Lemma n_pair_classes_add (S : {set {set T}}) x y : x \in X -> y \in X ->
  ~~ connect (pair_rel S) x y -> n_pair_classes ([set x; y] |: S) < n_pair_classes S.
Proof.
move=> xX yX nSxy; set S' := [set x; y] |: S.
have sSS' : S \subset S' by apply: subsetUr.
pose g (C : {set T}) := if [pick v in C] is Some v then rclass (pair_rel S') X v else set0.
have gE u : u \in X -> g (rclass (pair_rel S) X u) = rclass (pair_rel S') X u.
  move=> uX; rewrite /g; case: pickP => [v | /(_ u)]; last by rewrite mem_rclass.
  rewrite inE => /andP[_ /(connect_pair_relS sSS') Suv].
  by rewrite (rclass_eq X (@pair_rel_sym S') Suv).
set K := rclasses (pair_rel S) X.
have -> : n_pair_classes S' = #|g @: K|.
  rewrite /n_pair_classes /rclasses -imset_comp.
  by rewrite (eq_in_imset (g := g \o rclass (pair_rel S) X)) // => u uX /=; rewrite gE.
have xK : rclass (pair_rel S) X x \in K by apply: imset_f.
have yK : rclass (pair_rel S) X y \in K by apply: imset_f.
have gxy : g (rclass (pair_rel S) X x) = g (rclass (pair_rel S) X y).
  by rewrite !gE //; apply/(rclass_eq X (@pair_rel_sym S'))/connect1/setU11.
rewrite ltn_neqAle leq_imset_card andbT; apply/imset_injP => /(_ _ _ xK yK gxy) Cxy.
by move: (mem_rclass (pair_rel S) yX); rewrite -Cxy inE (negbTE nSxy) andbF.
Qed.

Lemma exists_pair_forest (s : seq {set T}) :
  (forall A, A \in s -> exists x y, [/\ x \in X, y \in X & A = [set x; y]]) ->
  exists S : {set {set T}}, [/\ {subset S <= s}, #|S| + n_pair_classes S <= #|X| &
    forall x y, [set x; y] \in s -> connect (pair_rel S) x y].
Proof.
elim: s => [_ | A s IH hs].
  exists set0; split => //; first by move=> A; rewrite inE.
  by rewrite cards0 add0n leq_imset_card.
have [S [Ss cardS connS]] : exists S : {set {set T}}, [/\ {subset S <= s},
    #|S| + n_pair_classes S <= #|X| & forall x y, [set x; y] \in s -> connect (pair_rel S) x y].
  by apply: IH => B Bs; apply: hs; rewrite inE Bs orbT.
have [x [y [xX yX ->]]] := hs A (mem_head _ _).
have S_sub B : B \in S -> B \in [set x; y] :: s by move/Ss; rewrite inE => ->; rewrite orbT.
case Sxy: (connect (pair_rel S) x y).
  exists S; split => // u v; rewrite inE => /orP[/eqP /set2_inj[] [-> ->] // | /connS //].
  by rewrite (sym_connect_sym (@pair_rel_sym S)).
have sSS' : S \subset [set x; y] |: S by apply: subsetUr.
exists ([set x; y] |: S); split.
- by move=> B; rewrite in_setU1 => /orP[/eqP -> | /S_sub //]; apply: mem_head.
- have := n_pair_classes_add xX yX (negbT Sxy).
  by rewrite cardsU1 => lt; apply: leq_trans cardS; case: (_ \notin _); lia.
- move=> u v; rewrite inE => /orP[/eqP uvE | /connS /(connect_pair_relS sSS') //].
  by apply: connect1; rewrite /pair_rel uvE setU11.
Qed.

* [The problem]
Show every line of the listing containing the string "move" by copying it.

* [Response to the exercise]
move=> xX yX nSxy; set S' := [set x; y] |: S.
  move=> uX; rewrite /g; case: pickP => [v | /(_ u)]; last by rewrite mem_rclass.
by move: (mem_rclass (pair_rel S) yX); rewrite -Cxy inE (negbTE nSxy) andbF.
  exists set0; split => //; first by move=> A; rewrite inE.
have S_sub B : B \in S -> B \in [set x; y] :: s by move/Ss; rewrite inE => ->; rewrite orbT.
- by move=> B; rewrite in_setU1 => /orP[/eqP -> | /S_sub //]; apply: mem_head.
- move=> u v; rewrite inE => /orP[/eqP uvE | /connS /(connect_pair_relS sSS') //].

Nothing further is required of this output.